Bearish momentum from the market's September 4 plunge spilled over into the
morning of last Friday's session, but stocks later stabilized and reversed,
enabling the major indices to finish with mixed results. The S&P 500, down
1.5% at its morning low, rallied to finish with a 0.4% gain. The Dow Jones
Industrial Average similarly bounced 0.3%. The Nasdaq Composite settled with a
0.1% loss, but the index was actually down 1.9% at its worst level of the day.
The small-cap Russell 2000 was unchanged, as the S&P Midcap 400 advanced
0.4%. After reversing from near-term "oversold" conditions in the morning, each
of the main stock market indexes closed the day near its intraday high.
Nevertheless, all the major indices registered sharp losses for the week.
Total volume in both the NYSE and Nasdaq slipped 4% below the previous day's
levels. Still, trading remained above average levels for a second straight day.
Market internals were very ugly in the beginning of the day, but improved
substantially as the day progressed. By the closing bell, advancing volume in
the NYSE had narrowly exceeded declining volume by a margin of 3 to 2. The
Nasdaq adv/dec volume ratio remained marginally negative.

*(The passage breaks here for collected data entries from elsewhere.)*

(* Writing c = k / N, the slack of the final inequality is
   c (w^2 - 4 w - 6 eps) + 4 c^2 + eps (3 w - 5/2) + 2 eps^2 >= 0, using w >= 5. *)
Lemma star_budget_le N k w eps : 25 <= N -> 0 <= k -> k <= N - 1 ->
  0 <= w -> w ^+ 2 = N -> 0 < eps -> eps <= 1 / 2 ->
  1 + k / N + (N - 1 - k) * ((1 + eps / (2 * N)) ^+ 2 / (4 * ((1 + w) / 2 + eps - k / N))
    + eps / (2 * N)) <= (1 + w) / 2 + eps.
Proof.
move=> N25 k0 kN w0 wN eps0 eps1; have w5 : 5 <= w by nra.
have N0 : 0 < N by lra.
set c := k / N; set eta := eps / (2 * N); set K := (1 + w) / 2 + eps.
have c0 : 0 <= c by rewrite divr_ge0 //; lra.
have c1 : c <= 1 by rewrite ler_pdivrMr //; lra.
have eta0 : 0 <= eta by rewrite divr_ge0 //; lra.
have eta1 : eta <= 1 by rewrite ler_pdivrMr; lra.
have etaN : eta * N = eps / 2 by rewrite /eta; field; lra.
set j := N - 1 - k; have j0 : 0 <= j by rewrite /j; lra.
have jeta : j * eta <= eps / 2 by rewrite -etaN mulrC ler_wpM2l // /j; lra.
have sq_eta : (1 + eta) ^+ 2 <= 1 + 3 * eta by rewrite expr2; nra.
have Kc : 2 <= K - c by rewrite /K; lra.
have slack : j + 3 * (eps / 2) <= 4 * (K - c) * (K - c - 1 - eps / 2).
  have jE : j = w ^+ 2 * (1 - c) - 1 by rewrite wN /j /c; field; lra.
  have w_quad : 0 <= w ^+ 2 - 4 * w - 6 * eps.
    have : 0 <= (w - 5) * (w + 1) by apply: mulr_ge0; lra.
    nra.
  have -> : 4 * (K - c) * (K - c - 1 - eps / 2) = j + 3 * (eps / 2) +
      (c * (w ^+ 2 - 4 * w - 6 * eps) + 4 * c ^+ 2 + eps * (3 * w - 5 / 2) + 2 * eps ^+ 2).
    by rewrite jE /K; field.
  by rewrite lerDl !addr_ge0 ?mulr_ge0 ?sqr_ge0 ?invr_ge0 //; lra.
have leaves : j * ((1 + eta) ^+ 2 / (4 * (K - c))) <= K - c - 1 - eps / 2.
  rewrite mulrA ler_pdivrMr; last lra.
  have : j * (1 + eta) ^+ 2 <= j * (1 + 3 * eta) by rewrite ler_wpM2l.
  nra.
rewrite mulrDr; lra.
Qed.

End star_inequalities.

Section star_upper_bound.
Variables (R : realType) (n : nat) (f : 'I_n.+1 -> R) (p eps : R).
Hypotheses (n25 : (25 <= n.+1)%N) (p1 : 1 <= p) (eps0 : 0 < eps) (eps_half : eps <= 1 / 2).
Hypothesis midpoint : forall z, 0 <= z -> z <= 1 ->
  ((1 + z) / 2) `^ p <= (1 + eps / (2 * n.+1%:R)) * Num.sqrt (z `^ p) + eps / (2 * n.+1%:R).

Local Notation N := (n.+1%:R : R).
Local Notation w := (Num.sqrt N).
Local Notation K := ((1 + w) / 2 + eps).
Local Notation A := (mean_abs f).
Local Notation a := `|f ord0|.
Local Notation x i := `|f (lift ord0 i)|.
Local Notation D := (\sum_u `|f u| `^ p).

Let N25 : 25 <= N. Proof. by rewrite (ler_nat R 25 n.+1). Qed.
Let wN : w ^+ 2 = N. Proof. by rewrite sqr_sqrtr ?ler0n. Qed.
Let w0 : 0 <= w. Proof. exact: sqrtr_ge0. Qed.
Let K3 : 3 <= K.
Proof. by have := wN; have := N25; have := w0; have := eps0; nra. Qed.
Let p0 : 0 <= p. Proof. exact: le_trans ler01 p1. Qed.
Let A0 : 0 <= A. Proof. by rewrite mulr_ge0 ?invr_ge0 ?sumr_ge0. Qed.
Let D0 : 0 <= D. Proof. by rewrite sumr_ge0 // => u _; rewrite powR_ge0. Qed.
Let D_split : D = a `^ p + \sum_(i < n) x i `^ p. Proof. by rewrite big_ord_recl. Qed.

Lemma mean_powR_le : N * A `^ p <= D.
Proof.
have := @powR_mean_le R _ (fun u => `|f u|) p p1 (fun u => normr_ge0 _).
rewrite card_ord => /(_ isT); rewrite ler_pdivlMr ?ltr0n // mulrC.
by rewrite [_ / N]mulrC.
Qed.
(* Edges are
   unordered, so the colour c x y of edge {x,y} is symmetric. *)
Definition one_factorization (T : finType) (e : rel T) (k : nat)
  (c : T -> T -> 'I_k) : Prop :=
  (forall x y, e x y -> c x y = c y x) /\
  (forall x y z, e x y -> e x z -> c x y = c x z -> y = z).

Definition cozy (T : finType) (e : rel T) (k : nat) : Prop :=
  connected_graph e /\ regular e k /\
  exists c : T -> T -> 'I_k, one_factorization e c.

Definition is_path (T : finType) (e : rel T) (x y : T) (p : seq T) : bool :=
  [&& path e x p, last x p == y & uniq (x :: p)].

Definition path_edges (T : finType) (x : T) (p : seq T) : seq {set T} :=
  [seq [set a.1; a.2] | a <- zip (x :: p) p].

Definition comfortable (T : finType) (e : rel T) (k : nat) : Prop :=
  forall v : T, exists v' : T, v' != v /\
    exists P : 'I_k -> seq T,
      (forall i, is_path e v v' (P i)) /\
      (forall i j, i != j -> forall E, E \in path_edges v (P i) ->
                                       E \notin path_edges v (P j)).

From mathcomp Require Import all_boot order ssralg ssrnum ssrint zify.
Set Implicit Arguments. Unset Strict Implicit. Unset Printing Implicit Defensive.
Import Order.TTheory GRing.Theory Num.Theory.

(* Fix a vertex v.  Each colour class of the 1-factorization is a perfect
   matching, i.e. a fixed-point-free involution of the vertices, so a vertex set
   of odd size is left by an edge of every colour: a set with fewer than k
   boundary edges has even size.  By posimodularity of the cut function,
   cut (C \ D) + cut (D \ C) <= cut C + cut D, a family of such sets can be
   uncrossed into a disjoint one with the same union, which is therefore even as
   well.  If every w <> v were separated from v by fewer than k edges, the sets
   of this kind avoiding v would cover V \ {v}; but V itself has no boundary
   edge, so |V| is even and V \ {v} is odd.  Hence some w <> v has only cuts
   of size >= k to v, and the edge version of Menger's theorem, proved by
   augmenting unit flows and decomposing the resulting flow into paths, gives
   k edge-disjoint v-w paths. *)

Lemma sum_count_mem (I : finType) (P : pred I) (s : seq I) :
  \sum_(i | P i) count_mem i s = count P s.
Proof.
elim: s => [|j s IHs] /=; first by rewrite big1.
rewrite big_split /= IHs; congr (_ + _).
rewrite big_mkcond (bigD1 j) //= eqxx big1 => [|i /negbTE]; first by case: (P j).
by rewrite eq_sym => ->; case: (P i).
Qed.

After nearly a month of choppy, range-bound trading, the broad market
decisively broke lower, below key support levels, on September 4. While this may
have been bad news for traditional "buy and hold" investors, it was good news
for astute short- and intermediate-term traders who focus on profiting from
market trends in either direction. Stocks followed up that major sell-off by
closing flat to marginally higher the following day (last Friday). Going into
today, this sequence of price action initially positioned the main stock market
indexes for a bounce into new resistance of their prior lows from August, which
they fell below last week. But just when the stock market was about to present
us with ideal short-sale opportunities, the Fed curiously announced, over the
weekend, that troubled mortgage lenders Fannie Mae and Freddie Mac will be taken
over by the U.S. government. Upon reacting to this interesting news, the S&P
and Nasdaq futures markets rocketed nearly 3% higher on Sunday evening, and have
been hanging out around those levels overnight. Unless something substantially
changes over the next few hours, all the major indices will open 2% to 3% higher
today.
In last Friday's commentary, we said we would analyze the charts of the main
stock market indexes today, in order to determine the most ideal short entry
points in the coming week. However, as of now, the major indices are already
poised to open well above their resistance levels of the August lows. The
S&P and Dow are even positioned to open above their 20 and 50-day moving
averages. Obviously, the Fed pretty much threw a wrench in our clear plan, and
there was no way to anticipate such action.